*GOAL OF THE EXERCISE*
Starting at the line that holds "Thus q = 3 mod" and stopping at the line that holds "Local Open Scope ring_scope.", restate the records below word for word, with both of those lines included.

##########

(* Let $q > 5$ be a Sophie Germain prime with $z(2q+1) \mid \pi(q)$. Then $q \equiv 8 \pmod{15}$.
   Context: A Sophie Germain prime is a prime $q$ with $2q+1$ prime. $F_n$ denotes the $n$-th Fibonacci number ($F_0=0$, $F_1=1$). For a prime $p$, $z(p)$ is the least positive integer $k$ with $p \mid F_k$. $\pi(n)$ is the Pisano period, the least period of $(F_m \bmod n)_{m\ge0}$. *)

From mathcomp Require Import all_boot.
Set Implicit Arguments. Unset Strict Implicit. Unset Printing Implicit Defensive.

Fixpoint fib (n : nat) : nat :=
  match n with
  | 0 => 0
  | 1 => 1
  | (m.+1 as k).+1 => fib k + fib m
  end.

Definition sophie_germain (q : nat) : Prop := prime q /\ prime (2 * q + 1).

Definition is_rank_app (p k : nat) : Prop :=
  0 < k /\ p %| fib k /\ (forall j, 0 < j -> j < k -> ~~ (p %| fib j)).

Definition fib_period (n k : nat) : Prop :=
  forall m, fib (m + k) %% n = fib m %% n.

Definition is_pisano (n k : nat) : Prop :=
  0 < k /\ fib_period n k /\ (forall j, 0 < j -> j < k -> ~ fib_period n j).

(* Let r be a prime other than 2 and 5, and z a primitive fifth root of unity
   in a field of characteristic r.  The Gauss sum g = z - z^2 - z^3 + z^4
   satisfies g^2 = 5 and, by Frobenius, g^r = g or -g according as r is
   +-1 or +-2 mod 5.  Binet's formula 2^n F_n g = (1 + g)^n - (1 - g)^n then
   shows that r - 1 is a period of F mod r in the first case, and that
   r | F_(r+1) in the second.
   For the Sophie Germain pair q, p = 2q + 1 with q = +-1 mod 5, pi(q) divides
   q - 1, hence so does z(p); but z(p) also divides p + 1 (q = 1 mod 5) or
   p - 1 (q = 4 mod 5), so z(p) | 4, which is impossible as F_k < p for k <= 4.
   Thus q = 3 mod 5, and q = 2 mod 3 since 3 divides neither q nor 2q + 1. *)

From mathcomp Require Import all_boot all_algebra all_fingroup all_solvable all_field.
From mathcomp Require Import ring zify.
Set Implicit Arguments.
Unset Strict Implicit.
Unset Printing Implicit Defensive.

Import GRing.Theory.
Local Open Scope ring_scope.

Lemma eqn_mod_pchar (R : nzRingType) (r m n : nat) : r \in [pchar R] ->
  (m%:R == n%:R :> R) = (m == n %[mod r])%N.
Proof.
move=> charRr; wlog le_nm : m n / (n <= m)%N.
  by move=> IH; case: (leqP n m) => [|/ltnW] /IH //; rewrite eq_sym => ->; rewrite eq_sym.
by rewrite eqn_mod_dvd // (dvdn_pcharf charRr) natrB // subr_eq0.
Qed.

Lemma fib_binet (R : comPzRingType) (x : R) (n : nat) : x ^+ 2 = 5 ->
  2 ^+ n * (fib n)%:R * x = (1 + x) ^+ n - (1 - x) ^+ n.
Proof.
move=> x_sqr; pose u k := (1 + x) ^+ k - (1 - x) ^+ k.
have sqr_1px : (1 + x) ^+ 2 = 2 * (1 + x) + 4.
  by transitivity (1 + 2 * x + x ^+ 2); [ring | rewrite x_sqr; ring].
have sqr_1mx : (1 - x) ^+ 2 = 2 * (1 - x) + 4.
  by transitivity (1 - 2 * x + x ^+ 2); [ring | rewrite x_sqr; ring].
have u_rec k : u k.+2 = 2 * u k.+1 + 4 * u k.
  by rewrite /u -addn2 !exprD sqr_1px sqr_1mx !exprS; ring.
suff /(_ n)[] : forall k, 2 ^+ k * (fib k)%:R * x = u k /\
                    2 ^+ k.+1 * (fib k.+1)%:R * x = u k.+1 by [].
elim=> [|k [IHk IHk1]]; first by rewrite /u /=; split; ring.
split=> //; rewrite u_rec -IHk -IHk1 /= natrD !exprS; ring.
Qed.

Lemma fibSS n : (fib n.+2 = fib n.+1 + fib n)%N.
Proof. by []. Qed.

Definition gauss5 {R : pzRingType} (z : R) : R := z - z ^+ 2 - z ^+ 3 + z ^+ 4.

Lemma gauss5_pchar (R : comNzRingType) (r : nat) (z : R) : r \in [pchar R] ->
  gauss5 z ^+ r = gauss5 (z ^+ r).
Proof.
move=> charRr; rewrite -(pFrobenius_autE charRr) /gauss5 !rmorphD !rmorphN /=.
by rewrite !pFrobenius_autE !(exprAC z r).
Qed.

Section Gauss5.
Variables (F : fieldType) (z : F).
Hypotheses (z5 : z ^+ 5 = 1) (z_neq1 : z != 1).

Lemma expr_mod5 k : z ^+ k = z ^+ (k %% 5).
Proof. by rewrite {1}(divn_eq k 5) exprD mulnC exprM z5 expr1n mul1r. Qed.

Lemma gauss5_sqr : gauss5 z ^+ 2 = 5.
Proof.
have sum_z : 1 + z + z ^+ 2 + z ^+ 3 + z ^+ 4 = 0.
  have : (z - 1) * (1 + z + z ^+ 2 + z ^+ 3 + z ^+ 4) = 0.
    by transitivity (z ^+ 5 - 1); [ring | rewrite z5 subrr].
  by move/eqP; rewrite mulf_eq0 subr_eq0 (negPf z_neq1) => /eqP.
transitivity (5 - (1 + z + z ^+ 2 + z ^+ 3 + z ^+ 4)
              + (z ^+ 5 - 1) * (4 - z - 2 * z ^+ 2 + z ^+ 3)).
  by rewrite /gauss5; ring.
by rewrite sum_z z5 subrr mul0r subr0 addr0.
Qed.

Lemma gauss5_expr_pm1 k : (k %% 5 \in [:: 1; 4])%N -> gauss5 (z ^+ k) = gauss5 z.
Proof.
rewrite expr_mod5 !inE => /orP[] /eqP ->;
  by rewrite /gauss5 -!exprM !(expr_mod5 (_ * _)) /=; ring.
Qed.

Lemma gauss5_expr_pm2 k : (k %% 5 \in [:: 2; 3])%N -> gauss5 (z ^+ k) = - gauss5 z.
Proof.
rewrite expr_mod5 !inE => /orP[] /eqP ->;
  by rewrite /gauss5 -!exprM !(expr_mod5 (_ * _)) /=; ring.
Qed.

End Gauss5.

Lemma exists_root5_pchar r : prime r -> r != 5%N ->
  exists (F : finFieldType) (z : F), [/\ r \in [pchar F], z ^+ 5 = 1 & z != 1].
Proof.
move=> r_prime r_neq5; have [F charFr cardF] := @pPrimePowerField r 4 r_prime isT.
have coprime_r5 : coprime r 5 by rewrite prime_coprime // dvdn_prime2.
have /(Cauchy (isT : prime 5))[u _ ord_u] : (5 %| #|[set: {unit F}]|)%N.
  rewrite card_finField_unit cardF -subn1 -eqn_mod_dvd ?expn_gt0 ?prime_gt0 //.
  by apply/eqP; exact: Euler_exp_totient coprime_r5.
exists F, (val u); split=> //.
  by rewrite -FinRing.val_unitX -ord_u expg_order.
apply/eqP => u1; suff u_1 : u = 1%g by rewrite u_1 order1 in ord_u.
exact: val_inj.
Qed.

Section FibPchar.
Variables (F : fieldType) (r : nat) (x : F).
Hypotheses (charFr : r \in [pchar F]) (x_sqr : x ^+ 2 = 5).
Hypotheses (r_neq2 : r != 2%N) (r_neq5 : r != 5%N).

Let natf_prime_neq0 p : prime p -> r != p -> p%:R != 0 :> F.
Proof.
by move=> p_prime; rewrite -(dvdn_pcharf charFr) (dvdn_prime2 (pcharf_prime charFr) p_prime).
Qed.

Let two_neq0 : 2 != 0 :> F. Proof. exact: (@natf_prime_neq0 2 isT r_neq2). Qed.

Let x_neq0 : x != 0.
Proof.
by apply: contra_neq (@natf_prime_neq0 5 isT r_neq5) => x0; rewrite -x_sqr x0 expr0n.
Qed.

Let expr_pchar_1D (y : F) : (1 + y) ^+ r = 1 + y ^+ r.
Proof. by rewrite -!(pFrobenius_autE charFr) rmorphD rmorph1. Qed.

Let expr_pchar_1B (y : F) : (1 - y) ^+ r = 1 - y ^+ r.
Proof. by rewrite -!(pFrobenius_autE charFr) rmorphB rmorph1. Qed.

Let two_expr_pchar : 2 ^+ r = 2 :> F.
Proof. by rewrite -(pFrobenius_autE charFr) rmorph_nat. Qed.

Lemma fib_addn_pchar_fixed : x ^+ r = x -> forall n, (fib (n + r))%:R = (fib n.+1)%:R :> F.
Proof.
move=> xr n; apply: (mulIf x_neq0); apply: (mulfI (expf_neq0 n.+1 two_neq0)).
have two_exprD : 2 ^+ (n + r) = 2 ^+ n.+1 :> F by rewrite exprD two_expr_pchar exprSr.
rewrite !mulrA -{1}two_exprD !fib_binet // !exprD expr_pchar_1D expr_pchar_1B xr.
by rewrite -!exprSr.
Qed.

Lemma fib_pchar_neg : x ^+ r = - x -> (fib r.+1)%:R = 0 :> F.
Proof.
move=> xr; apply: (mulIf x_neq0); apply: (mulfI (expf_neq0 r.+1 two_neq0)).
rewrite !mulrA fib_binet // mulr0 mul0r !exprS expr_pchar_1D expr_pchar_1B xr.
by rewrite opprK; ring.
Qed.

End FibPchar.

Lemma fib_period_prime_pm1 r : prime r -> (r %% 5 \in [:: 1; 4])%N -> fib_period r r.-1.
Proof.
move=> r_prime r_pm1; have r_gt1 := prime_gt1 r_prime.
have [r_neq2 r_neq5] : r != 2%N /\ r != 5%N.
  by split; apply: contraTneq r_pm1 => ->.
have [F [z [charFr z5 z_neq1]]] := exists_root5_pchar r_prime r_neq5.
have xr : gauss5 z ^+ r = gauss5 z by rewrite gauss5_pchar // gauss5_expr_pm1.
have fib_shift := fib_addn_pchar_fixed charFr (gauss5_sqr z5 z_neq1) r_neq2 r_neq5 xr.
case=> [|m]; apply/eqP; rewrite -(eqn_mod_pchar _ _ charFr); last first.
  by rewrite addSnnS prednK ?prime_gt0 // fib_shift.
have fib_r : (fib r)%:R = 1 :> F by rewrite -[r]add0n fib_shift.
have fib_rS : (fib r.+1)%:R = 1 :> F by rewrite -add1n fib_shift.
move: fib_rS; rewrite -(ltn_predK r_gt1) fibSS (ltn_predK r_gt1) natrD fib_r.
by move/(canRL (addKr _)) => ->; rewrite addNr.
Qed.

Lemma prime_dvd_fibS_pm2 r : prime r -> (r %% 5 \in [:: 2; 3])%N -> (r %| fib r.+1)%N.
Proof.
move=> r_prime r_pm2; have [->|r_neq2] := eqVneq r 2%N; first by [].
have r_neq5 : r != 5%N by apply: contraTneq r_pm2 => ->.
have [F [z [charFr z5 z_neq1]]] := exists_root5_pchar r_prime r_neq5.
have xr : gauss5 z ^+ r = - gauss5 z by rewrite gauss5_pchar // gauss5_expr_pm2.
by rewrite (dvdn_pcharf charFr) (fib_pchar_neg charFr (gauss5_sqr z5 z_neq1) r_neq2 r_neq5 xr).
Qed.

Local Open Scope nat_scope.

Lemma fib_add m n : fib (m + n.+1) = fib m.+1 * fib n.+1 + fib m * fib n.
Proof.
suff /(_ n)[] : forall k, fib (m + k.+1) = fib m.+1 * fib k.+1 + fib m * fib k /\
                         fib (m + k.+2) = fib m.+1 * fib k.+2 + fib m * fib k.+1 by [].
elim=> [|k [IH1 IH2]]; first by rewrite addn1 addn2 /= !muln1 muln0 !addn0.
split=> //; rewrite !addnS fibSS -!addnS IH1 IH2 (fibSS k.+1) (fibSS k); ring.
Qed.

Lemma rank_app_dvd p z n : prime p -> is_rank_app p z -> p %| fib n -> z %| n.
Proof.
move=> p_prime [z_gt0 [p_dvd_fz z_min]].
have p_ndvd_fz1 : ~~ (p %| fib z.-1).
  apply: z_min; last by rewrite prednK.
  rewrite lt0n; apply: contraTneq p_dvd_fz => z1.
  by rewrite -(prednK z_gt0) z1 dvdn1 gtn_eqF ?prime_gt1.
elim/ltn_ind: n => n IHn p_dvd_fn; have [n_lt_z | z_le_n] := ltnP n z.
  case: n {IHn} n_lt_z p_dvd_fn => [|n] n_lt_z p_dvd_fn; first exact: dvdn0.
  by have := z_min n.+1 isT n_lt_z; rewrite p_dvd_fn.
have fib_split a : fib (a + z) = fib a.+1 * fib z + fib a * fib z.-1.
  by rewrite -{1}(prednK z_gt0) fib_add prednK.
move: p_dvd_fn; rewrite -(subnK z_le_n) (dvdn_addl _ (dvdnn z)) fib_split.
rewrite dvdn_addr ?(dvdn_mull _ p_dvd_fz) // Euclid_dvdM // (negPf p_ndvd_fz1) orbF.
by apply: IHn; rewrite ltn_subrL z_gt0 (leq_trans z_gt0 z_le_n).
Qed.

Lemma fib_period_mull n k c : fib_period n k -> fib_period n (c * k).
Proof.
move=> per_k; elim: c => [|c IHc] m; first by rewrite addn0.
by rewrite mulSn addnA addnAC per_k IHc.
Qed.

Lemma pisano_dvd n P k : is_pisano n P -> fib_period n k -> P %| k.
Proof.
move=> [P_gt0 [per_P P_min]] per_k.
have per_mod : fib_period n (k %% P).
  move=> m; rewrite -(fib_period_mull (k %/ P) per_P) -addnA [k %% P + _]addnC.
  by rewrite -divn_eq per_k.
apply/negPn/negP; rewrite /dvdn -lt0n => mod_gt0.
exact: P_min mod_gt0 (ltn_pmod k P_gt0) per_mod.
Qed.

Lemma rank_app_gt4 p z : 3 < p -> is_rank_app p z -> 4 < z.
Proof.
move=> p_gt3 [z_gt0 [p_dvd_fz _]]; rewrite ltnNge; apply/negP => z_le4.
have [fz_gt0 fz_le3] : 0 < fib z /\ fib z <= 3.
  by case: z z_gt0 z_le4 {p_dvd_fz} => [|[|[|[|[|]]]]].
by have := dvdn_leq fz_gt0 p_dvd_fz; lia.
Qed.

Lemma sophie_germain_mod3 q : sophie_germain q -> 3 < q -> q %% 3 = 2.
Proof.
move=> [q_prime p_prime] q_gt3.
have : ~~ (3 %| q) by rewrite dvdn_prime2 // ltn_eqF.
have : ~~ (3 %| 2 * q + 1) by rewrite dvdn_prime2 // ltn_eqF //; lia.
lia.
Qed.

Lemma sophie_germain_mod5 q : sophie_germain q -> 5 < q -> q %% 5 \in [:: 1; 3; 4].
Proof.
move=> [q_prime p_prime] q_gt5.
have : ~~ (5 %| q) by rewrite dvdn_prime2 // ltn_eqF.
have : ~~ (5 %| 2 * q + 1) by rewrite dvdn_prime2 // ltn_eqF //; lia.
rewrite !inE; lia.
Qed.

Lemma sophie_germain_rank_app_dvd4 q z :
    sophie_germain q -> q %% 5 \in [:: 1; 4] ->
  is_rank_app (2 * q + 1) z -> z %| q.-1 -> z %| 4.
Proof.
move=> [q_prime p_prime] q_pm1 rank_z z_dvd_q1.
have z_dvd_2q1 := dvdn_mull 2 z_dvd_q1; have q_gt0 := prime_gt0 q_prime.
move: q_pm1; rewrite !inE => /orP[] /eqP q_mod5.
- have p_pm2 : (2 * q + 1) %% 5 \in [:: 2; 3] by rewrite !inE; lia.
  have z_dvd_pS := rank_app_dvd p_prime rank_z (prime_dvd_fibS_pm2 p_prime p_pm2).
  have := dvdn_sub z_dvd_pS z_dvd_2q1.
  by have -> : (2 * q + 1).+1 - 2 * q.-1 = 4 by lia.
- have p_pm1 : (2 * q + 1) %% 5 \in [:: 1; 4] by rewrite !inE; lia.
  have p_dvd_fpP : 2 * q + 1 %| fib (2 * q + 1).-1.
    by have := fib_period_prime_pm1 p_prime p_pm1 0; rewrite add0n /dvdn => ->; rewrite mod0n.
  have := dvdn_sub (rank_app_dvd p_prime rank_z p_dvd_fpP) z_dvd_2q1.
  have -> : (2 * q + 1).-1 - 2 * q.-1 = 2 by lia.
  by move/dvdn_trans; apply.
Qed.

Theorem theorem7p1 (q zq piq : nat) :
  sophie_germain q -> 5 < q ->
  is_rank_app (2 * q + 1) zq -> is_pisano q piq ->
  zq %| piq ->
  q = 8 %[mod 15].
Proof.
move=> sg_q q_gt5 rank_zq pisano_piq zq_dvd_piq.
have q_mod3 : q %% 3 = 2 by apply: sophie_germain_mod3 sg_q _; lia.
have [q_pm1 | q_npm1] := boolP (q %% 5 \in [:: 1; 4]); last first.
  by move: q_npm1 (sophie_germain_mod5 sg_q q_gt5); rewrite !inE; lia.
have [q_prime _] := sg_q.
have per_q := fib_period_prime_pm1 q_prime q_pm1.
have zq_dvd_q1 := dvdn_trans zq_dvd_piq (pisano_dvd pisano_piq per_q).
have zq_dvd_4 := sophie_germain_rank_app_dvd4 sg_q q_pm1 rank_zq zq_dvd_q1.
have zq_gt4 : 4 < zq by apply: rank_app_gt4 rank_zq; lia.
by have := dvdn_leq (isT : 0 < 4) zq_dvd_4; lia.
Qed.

##########

*REPLY*
   Thus q = 3 mod 5, and q = 2 mod 3 since 3 divides neither q nor 2q + 1. *)

From mathcomp Require Import all_boot all_algebra all_fingroup all_solvable all_field.
From mathcomp Require Import ring zify.
Set Implicit Arguments.
Unset Strict Implicit.
Unset Printing Implicit Defensive.

Import GRing.Theory.
Local Open Scope ring_scope.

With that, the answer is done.